§ **WORK REQUIRED**
In the listing below, print exactly the lines between the line holding "split; [apply List.in_seq;" and the line holding "cbn [sb_set]; congruence.", inclusive, and no more.

§ **DATA FOR PROCESSING**

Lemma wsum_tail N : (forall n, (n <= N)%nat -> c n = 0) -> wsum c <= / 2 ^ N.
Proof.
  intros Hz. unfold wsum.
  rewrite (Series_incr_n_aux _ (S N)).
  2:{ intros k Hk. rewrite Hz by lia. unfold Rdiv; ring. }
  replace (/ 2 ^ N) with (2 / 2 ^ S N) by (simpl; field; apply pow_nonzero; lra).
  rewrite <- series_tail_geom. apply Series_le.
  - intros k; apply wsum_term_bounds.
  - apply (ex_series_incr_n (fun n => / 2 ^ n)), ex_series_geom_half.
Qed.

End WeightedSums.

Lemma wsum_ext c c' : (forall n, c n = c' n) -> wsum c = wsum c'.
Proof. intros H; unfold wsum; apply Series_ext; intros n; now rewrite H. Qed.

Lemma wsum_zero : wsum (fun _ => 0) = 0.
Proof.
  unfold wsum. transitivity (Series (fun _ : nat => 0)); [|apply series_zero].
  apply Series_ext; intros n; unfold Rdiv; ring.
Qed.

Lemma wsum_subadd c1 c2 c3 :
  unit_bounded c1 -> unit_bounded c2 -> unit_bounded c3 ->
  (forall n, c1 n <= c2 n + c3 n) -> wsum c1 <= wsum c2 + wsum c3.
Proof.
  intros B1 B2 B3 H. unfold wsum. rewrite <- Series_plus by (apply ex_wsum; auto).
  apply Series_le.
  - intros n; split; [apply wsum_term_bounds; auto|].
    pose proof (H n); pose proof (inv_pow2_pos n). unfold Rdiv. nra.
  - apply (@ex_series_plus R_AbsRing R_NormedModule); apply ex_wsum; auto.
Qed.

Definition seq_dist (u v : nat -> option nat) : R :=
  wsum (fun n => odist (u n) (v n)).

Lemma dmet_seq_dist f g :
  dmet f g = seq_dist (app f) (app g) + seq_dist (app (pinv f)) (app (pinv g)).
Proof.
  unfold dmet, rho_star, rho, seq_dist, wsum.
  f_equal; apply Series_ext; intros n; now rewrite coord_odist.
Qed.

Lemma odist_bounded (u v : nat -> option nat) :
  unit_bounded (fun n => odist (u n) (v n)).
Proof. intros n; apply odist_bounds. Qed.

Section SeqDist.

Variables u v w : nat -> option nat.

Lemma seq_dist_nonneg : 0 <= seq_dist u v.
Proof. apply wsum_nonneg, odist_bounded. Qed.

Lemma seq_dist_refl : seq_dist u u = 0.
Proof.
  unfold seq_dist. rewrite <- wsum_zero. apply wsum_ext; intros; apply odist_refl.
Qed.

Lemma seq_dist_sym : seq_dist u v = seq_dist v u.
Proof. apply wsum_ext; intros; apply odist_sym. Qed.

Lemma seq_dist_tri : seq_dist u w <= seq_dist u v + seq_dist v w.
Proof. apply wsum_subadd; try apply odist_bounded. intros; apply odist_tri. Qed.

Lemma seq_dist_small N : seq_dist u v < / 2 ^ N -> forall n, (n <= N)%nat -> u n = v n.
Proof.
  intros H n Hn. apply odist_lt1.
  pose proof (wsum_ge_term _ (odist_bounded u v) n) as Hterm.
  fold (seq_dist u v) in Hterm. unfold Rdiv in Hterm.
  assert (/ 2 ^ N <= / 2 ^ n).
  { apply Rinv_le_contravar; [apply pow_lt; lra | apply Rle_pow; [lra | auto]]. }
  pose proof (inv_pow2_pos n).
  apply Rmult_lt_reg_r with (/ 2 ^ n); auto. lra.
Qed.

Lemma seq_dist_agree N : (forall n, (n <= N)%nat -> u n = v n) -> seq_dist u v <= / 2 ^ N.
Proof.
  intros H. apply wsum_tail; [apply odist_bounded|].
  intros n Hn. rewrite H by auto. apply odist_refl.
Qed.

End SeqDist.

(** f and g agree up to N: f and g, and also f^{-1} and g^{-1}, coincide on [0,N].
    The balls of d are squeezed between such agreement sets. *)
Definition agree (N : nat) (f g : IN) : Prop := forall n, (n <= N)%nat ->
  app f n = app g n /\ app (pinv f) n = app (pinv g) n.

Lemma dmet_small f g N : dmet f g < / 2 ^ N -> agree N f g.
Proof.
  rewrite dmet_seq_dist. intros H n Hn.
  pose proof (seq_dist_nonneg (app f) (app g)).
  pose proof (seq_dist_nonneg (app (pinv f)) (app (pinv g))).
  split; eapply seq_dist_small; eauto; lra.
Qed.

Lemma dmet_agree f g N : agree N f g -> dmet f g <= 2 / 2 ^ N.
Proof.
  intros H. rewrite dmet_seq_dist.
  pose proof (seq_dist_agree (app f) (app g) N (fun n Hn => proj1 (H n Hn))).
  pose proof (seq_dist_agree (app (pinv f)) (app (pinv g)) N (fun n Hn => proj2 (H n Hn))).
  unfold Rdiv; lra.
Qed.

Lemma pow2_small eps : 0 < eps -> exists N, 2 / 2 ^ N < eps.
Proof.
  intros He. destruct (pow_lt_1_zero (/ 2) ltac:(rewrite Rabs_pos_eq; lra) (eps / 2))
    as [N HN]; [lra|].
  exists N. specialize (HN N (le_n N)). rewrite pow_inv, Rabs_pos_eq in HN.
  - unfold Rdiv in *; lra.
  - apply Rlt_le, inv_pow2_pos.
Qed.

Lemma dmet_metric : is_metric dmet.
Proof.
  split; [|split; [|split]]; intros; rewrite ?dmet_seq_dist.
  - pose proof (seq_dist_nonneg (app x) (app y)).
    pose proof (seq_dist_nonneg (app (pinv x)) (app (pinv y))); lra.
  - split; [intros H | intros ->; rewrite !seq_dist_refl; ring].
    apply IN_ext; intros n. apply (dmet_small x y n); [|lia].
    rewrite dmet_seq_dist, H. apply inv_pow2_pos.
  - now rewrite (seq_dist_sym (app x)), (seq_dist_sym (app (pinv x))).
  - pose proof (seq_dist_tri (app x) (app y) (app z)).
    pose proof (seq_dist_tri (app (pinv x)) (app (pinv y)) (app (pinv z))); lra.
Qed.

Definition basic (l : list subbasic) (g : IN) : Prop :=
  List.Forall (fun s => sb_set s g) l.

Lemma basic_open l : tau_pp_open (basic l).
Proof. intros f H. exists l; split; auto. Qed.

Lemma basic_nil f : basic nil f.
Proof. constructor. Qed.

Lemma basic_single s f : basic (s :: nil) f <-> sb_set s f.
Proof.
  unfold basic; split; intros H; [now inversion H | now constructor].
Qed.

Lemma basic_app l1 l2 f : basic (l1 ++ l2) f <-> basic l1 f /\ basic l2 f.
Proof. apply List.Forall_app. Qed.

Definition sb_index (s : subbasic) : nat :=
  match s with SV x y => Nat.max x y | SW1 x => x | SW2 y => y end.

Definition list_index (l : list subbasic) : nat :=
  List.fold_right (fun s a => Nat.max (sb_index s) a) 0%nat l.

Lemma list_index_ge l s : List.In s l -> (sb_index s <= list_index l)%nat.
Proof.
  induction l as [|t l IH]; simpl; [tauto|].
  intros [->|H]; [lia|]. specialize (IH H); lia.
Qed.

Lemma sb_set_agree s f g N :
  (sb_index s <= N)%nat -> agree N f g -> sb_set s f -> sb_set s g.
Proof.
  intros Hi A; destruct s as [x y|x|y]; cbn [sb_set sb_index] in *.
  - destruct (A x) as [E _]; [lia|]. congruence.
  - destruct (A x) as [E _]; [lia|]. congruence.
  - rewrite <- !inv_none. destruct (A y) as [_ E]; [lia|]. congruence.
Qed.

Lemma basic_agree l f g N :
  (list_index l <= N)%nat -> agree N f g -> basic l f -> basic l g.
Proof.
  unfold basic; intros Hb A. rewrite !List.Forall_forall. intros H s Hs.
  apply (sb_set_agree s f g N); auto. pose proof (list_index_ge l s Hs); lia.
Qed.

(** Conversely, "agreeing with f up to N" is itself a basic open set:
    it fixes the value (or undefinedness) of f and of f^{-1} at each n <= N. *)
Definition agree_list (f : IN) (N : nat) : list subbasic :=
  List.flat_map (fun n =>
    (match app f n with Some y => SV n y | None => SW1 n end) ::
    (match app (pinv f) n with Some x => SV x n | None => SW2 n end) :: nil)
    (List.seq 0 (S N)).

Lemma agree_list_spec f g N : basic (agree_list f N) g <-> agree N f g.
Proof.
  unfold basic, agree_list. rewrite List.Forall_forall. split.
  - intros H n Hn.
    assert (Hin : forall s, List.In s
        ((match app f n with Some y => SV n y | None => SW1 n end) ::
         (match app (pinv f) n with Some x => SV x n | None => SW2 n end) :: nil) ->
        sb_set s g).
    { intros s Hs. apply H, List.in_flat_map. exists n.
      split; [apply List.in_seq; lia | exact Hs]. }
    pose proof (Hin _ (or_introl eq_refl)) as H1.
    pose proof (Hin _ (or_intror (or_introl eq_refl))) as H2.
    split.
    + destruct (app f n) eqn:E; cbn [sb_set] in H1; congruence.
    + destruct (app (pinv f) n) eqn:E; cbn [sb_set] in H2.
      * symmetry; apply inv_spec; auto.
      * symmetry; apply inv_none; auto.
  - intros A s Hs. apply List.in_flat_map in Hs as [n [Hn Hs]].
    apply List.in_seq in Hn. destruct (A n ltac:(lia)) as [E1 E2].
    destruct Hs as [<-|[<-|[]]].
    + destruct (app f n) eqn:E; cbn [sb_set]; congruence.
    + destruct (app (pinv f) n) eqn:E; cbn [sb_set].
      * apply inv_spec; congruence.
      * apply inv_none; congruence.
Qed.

§ **RESPONSE BOX**
      split; [apply List.in_seq; lia | exact Hs]. }
    pose proof (Hin _ (or_introl eq_refl)) as H1.
    pose proof (Hin _ (or_intror (or_introl eq_refl))) as H2.
    split.
    + destruct (app f n) eqn:E; cbn [sb_set] in H1; congruence.
    + destruct (app (pinv f) n) eqn:E; cbn [sb_set] in H2.
      * symmetry; apply inv_spec; auto.
      * symmetry; apply inv_none; auto.
  - intros A s Hs. apply List.in_flat_map in Hs as [n [Hn Hs]].
    apply List.in_seq in Hn. destruct (A n ltac:(lia)) as [E1 E2].
    destruct Hs as [<-|[<-|[]]].
    + destruct (app f n) eqn:E; cbn [sb_set]; congruence.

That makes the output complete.